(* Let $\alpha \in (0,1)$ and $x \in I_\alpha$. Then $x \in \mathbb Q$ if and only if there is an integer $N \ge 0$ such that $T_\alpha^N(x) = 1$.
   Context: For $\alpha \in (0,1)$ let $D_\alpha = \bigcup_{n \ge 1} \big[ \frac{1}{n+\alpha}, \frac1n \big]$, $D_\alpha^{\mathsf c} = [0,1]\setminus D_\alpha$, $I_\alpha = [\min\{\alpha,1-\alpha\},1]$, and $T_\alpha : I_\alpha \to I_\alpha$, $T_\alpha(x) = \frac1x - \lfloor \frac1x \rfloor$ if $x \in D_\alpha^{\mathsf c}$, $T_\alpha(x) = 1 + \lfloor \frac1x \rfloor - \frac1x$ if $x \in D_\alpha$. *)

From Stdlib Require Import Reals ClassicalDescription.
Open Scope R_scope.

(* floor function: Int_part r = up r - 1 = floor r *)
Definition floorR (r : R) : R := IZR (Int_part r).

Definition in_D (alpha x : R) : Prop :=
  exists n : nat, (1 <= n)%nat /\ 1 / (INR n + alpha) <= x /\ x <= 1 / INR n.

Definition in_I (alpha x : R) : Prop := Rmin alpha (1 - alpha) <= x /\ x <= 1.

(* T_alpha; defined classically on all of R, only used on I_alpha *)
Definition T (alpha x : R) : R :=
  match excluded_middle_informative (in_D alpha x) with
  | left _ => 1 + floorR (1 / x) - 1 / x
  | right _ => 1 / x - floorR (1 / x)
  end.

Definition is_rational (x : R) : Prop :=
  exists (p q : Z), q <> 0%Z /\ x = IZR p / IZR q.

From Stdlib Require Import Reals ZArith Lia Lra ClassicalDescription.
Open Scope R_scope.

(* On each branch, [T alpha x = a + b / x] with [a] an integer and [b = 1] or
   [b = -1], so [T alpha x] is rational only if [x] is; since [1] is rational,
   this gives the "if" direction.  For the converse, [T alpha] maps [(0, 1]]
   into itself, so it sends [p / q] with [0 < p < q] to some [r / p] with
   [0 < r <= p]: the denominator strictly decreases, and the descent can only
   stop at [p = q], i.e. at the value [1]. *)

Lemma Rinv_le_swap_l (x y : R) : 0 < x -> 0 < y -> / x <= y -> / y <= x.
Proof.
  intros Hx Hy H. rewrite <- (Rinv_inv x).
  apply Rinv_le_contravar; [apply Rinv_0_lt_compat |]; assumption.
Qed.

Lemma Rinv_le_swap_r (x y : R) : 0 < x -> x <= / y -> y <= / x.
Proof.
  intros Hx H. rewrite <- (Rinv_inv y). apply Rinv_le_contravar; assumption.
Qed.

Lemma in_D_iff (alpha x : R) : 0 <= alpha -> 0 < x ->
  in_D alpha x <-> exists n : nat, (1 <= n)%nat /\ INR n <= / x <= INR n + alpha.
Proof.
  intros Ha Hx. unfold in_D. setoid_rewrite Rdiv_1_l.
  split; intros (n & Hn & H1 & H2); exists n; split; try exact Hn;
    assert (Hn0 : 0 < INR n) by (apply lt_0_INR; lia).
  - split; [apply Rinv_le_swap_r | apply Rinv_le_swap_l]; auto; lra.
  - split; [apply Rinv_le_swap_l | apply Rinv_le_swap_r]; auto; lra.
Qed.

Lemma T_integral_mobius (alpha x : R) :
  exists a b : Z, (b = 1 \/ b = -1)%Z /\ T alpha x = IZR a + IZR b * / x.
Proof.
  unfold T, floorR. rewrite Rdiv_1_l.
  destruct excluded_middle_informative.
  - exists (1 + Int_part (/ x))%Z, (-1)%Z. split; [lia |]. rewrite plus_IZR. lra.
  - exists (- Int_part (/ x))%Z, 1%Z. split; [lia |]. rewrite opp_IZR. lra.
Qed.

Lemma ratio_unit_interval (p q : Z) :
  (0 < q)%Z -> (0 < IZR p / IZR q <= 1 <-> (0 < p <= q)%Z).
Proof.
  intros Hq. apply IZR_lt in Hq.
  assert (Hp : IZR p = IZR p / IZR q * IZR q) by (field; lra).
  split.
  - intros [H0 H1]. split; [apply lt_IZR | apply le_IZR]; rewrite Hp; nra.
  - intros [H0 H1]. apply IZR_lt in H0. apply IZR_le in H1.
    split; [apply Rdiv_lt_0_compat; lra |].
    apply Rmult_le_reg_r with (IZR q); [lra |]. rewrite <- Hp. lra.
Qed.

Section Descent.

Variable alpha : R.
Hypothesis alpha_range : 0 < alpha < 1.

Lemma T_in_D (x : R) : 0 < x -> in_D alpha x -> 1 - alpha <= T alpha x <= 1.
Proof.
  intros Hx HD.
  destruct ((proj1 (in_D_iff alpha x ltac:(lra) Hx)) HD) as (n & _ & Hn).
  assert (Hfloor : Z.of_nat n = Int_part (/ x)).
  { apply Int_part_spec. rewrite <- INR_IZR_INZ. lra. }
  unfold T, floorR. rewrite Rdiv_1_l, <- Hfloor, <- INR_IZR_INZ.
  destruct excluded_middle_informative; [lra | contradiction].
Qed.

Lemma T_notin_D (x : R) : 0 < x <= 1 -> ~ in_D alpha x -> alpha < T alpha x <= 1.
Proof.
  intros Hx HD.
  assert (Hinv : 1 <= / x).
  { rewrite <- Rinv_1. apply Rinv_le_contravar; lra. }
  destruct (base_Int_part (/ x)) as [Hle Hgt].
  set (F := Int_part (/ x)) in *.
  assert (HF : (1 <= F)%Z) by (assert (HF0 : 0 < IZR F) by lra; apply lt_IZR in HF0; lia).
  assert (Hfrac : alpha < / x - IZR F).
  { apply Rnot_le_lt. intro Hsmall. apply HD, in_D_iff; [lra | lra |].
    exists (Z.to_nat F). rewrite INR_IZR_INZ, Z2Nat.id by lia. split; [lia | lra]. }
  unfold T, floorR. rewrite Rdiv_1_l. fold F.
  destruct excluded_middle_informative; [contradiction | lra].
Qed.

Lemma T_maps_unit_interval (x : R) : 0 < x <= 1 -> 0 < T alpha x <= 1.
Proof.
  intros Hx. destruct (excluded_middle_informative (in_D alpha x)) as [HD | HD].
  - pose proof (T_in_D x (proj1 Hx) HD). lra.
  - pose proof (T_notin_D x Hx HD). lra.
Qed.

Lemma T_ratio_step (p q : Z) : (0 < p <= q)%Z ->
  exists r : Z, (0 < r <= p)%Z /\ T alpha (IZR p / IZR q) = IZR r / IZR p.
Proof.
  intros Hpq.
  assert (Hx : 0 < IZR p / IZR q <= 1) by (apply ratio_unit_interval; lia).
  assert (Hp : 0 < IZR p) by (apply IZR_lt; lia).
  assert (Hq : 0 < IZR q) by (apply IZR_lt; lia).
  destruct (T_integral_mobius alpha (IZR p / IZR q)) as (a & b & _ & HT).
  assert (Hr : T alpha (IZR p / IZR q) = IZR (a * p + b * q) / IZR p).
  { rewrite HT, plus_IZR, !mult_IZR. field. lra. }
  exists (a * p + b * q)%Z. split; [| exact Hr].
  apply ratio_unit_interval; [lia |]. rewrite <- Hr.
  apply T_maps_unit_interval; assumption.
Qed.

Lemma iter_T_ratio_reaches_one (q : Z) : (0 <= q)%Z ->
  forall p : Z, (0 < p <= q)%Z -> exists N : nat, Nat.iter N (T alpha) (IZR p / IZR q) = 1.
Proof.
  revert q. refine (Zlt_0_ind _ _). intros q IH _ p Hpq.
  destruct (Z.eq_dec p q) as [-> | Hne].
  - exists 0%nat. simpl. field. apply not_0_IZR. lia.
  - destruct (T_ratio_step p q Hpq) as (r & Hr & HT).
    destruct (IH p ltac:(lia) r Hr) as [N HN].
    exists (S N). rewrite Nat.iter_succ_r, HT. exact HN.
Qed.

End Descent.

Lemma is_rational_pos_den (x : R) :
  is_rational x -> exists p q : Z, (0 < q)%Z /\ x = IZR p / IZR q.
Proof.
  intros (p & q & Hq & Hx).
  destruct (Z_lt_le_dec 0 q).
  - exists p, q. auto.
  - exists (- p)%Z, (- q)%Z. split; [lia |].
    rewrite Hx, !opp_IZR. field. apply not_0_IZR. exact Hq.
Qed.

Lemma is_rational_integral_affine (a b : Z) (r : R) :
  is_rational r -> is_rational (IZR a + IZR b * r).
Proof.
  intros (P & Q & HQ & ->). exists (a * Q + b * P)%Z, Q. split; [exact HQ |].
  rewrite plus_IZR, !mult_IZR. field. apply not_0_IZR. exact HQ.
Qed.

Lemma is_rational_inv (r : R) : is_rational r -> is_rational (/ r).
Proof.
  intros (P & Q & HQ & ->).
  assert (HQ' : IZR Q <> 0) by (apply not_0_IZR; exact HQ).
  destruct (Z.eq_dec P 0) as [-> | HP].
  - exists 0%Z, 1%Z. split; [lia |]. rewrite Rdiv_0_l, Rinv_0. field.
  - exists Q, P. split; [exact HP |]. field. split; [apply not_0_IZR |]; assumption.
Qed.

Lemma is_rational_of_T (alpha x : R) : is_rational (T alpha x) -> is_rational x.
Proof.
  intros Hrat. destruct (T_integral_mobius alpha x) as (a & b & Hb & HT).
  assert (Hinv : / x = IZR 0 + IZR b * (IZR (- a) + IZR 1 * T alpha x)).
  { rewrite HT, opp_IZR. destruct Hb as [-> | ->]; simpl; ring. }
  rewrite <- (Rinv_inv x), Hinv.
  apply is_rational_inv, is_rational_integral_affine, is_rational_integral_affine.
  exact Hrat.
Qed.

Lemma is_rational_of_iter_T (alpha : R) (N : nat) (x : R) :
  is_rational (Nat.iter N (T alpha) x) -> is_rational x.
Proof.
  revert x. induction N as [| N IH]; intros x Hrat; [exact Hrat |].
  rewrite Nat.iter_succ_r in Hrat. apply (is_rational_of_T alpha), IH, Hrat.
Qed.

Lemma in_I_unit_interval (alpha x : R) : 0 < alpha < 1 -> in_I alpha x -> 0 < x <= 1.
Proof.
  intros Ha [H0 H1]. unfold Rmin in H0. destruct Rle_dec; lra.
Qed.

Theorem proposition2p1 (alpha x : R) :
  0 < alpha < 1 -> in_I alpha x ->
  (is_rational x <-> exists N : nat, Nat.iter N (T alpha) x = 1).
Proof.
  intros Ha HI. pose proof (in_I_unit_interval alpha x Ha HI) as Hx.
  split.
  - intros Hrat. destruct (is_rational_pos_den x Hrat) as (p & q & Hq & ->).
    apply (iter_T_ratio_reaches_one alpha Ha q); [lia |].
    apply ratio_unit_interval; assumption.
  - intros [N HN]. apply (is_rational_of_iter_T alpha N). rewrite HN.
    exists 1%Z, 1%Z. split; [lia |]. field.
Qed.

WORK TASK: Looking at the records above, return exactly the lines from the line with "exists (S N)." to the line with "- intros [N", both ends included.

OUTPUT OF THE EXERCISE:
    exists (S N). rewrite Nat.iter_succ_r, HT. exact HN.
Qed.

End Descent.

Lemma is_rational_pos_den (x : R) :
  is_rational x -> exists p q : Z, (0 < q)%Z /\ x = IZR p / IZR q.
Proof.
  intros (p & q & Hq & Hx).
  destruct (Z_lt_le_dec 0 q).
  - exists p, q. auto.
  - exists (- p)%Z, (- q)%Z. split; [lia |].
    rewrite Hx, !opp_IZR. field. apply not_0_IZR. exact Hq.
Qed.

Lemma is_rational_integral_affine (a b : Z) (r : R) :
  is_rational r -> is_rational (IZR a + IZR b * r).
Proof.
  intros (P & Q & HQ & ->). exists (a * Q + b * P)%Z, Q. split; [exact HQ |].
  rewrite plus_IZR, !mult_IZR. field. apply not_0_IZR. exact HQ.
Qed.

Lemma is_rational_inv (r : R) : is_rational r -> is_rational (/ r).
Proof.
  intros (P & Q & HQ & ->).
  assert (HQ' : IZR Q <> 0) by (apply not_0_IZR; exact HQ).
  destruct (Z.eq_dec P 0) as [-> | HP].
  - exists 0%Z, 1%Z. split; [lia |]. rewrite Rdiv_0_l, Rinv_0. field.
  - exists Q, P. split; [exact HP |]. field. split; [apply not_0_IZR |]; assumption.
Qed.

Lemma is_rational_of_T (alpha x : R) : is_rational (T alpha x) -> is_rational x.
Proof.
  intros Hrat. destruct (T_integral_mobius alpha x) as (a & b & Hb & HT).
  assert (Hinv : / x = IZR 0 + IZR b * (IZR (- a) + IZR 1 * T alpha x)).
  { rewrite HT, opp_IZR. destruct Hb as [-> | ->]; simpl; ring. }
  rewrite <- (Rinv_inv x), Hinv.
  apply is_rational_inv, is_rational_integral_affine, is_rational_integral_affine.
  exact Hrat.
Qed.

Lemma is_rational_of_iter_T (alpha : R) (N : nat) (x : R) :
  is_rational (Nat.iter N (T alpha) x) -> is_rational x.
Proof.
  revert x. induction N as [| N IH]; intros x Hrat; [exact Hrat |].
  rewrite Nat.iter_succ_r in Hrat. apply (is_rational_of_T alpha), IH, Hrat.
Qed.

Lemma in_I_unit_interval (alpha x : R) : 0 < alpha < 1 -> in_I alpha x -> 0 < x <= 1.
Proof.
  intros Ha [H0 H1]. unfold Rmin in H0. destruct Rle_dec; lra.
Qed.

Theorem proposition2p1 (alpha x : R) :
  0 < alpha < 1 -> in_I alpha x ->
  (is_rational x <-> exists N : nat, Nat.iter N (T alpha) x = 1).
Proof.
  intros Ha HI. pose proof (in_I_unit_interval alpha x Ha HI) as Hx.
  split.
  - intros Hrat. destruct (is_rational_pos_den x Hrat) as (p & q & Hq & ->).
    apply (iter_T_ratio_reaches_one alpha Ha q); [lia |].
    apply ratio_unit_interval; assumption.
  - intros [N HN]. apply (is_rational_of_iter_T alpha N). rewrite HN.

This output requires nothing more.